Over a longer time period, Fidelity Go has solidified its place as a top performer, taking the top spot for overall returns in both the two- and three-year time frames.  Fidelity holds a majority of its equities in a single S&P 500 index fund and has a lower-than-average allocation to international equities. This has benefited them due to the relatively strong performance of domestic large-cap stocks. Axos Invest placed second over the two- and three-year periods for total portfolio performance. It also had the second-highest equity performance over the two-year period and the third-highest fixed-income performance over the two- and three-year trailing periods. 

Schwab, Personal Capital, and Betterment have continued to underperform in the two- and three-year time frames. Schwab and Betterment allocate more than 40% of their equity holdings to international stocks, causing them to miss out on stronger growth at home. Additionally, Schwab and Betterment are among those portfolios with a value tilt; value stocks have underperformed growth stocks in recent years. Personal Capital’s higher-than-average fee and sector-specific ETF strategy have contributed to its underperformance. 

Titan Invest, introduced to the report this quarter, significantly underperformed. Its strategy is to follow the moves of hedge funds and holds individual equities. Three of its selections—Netflix, Twilio, and PTC Inc.— fell 27%, 26%, and 14%, respectively, when Titan held them this quarter. This lead Titan’s performance into the negative for the third quarter.

Diversity Drives Fixed Income

Schwab has held onto the top-performing three-year fixed income spot in this report. Schwab has a more diverse fixed-income portfolio than many of its peers. It holds a mix of municipal, high-yield, TIPS, and international bonds.  Ally achieved the top two-year fixed-income performance spot with a longer-than-average maturity across their bond portfolio and holdings of corporates. E*Trade placed second for fixed income in the two- and three-year time frames, holding only two fixed-income funds—an intermediate-term corporate bond fund and an ETF that tracks the Barclays Aggregate Bond Index.

SRI Extends Trend of Outperformance

Another quarter of performance for our SRI portfolios reveals that a majority of SRI portfolios have continued to outperform their peers.
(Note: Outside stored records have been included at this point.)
(* The normalized action-to-frequency map $$\check\Omega:\ell^{1,1}_{\ge 0}\to\mathfrak c_\uparrow,\qquad \gamma=(\gamma_n)_{n\ge1}\mapsto(\check\omega_n(\gamma))_{n\ge1},\qquad \check\omega_n(\gamma):=\sum_{k\ge1}k\gamma_k-\sum_{k>n}(k-n)\gamma_k,$$ is well defined and is a homeomorphism, where $\ell^{1,1}_{\ge0}$ carries the topology of the norm $\|x\|_{\ell^{1,1}}=\sum_{n\ge1}n|x_n|$ and $\mathfrak c_\uparrow$ carries the topology of the sup-norm $\|y\|=\sup_{n\ge1}|y_n|$.
   Context: $\ell^{1,1}_{\ge0}:=\{(x_n)_{n\ge1}: x_n\in\mathbb R,\ x_n\ge0\ \forall n\ge1,\ \sum_{n\ge1}n x_n<\infty\}$. $\mathfrak c$ denotes the real Banach space of convergent real sequences $y=(y_n)_{n\ge1}$ with the sup-norm; for $y\in\mathfrak c$ set $y_0:=0$. $\mathfrak c_\uparrow\subset\mathfrak c$ is the set of $y\in\mathfrak c$ with $0\le y_n\le y_{n+1}$ and $(y_n-y_{n-1})-(y_{n+1}-y_n)\ge0$ for all $n\ge1$. *)

(* Real sequences (x_n)_{n>=1} are represented as  x : nat -> R  with the
   convention x 0 = 0 (index 0 is a dummy slot, matching the paper's y_0 := 0). *)
From Stdlib Require Import Reals.
From Coquelicot Require Import Coquelicot.
Open Scope R_scope.

Definition l11_nonneg (x : nat -> R) : Prop :=
  x 0%nat = 0 /\ (forall n, (1 <= n)%nat -> 0 <= x n) /\
  ex_series (fun n => INR n * x n).

Definition l11_norm (x : nat -> R) : R := Series (fun n => INR n * Rabs (x n)).

Definition conv_seq (y : nat -> R) : Prop :=
  y 0%nat = 0 /\ exists l : R, is_lim_seq (fun n => y (S n)) l.

Definition sup_norm (y : nat -> R) : R := real (Sup_seq (fun n => Rabs (y (S n)))).

Definition c_up (y : nat -> R) : Prop :=
  conv_seq y /\
  forall n, (1 <= n)%nat ->
    0 <= y n /\ y n <= y (S n) /\
    (y n - y (n - 1)%nat) - (y (S n) - y n) >= 0.

Definition omega_check (g : nat -> R) (n : nat) : R :=
  match n with
  | O => 0
  | S _ => Series (fun k => INR k * g k)
           - Series (fun k => if (n <? k)%nat then (INR k - INR n) * g k else 0)
  end.

Definition seq_sub (x y : nat -> R) : nat -> R := fun n => x n - y n.

From Stdlib Require Import Reals Lra Lia FunctionalExtensionality.
From Coquelicot Require Import Coquelicot.
Open Scope R_scope.

(* Splitting sum_k k g_k at n turns the defining formula into the closed form
     omega_n(g) = freq g n = sum_{k<=n} k g_k + n * sum_{k>n} g_k,
   valid for every g in l^{1,1} (no sign condition).  Its first difference is
   the tail sum_{k>n} g_k and its second difference is -g_{n+1}; moreover
   |freq g n| <= ||g||, freq is linear, and freq g n -> sum_k k g_k.

   From these facts: nonnegativity of g gives monotonicity and concavity
   (well-definedness); second differences give injectivity; for y in c_up the
   sequence gamma_n = d_n - d_{n+1}, d_n = y_n - y_{n-1}, is a preimage
   (surjectivity); |freq h n| <= ||h|| gives continuity.  For the inverse, with
   s = sup |freq (g' - g)|, every |g'_k - g_k| is at most 4s and the weighted
   tail sum_{k>N} k (g'_k - g_k) is O(N s); for nonnegative g, g' the
   l^{1,1} distance is then bounded by C_N s + 2 sum_{k>N} k g_k. *)

Lemma ex_series_dominated (a b : nat -> R) :
  (forall n, Rabs (a n) <= b n) -> ex_series b -> ex_series a.
Proof. intros H Hb. exact (@ex_series_le R_AbsRing R_CompleteNormedModule a b H Hb). Qed.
Over the third quarter and YTD, five of eight SRI portfolios outperformed the portfolio at the same provider. However, our TD Ameritrade SRI portfolio experienced a series of poorly executed tax-loss harvesting trades that left the portfolio highly allocated to cash in January of this year, dragging down performance. These trades were unrelated to the portfolio’s SRI theme.  Most notably, the Wealthsimple and Morgan Stanley SRI portfolios outperformed their non-themed peers by over 2% in the one-year trailing period. In Morgan Stanley’s case, the outperformance was driven in part by a much lower international allocation in its SRI portfolio. 

Given the specialized nature of SRI funds, they tend to have higher expense ratios. Thus, these funds must perform better to provide investors with the same after-fee returns. One year is a short time period over which to judge long-term trends, but strong returns over that period are a positive sign for this investing trend. If investors can see that they are not losing out on performance by paying for environmental, social, and governance factors when investing, they will be more likely to support the SRI movement.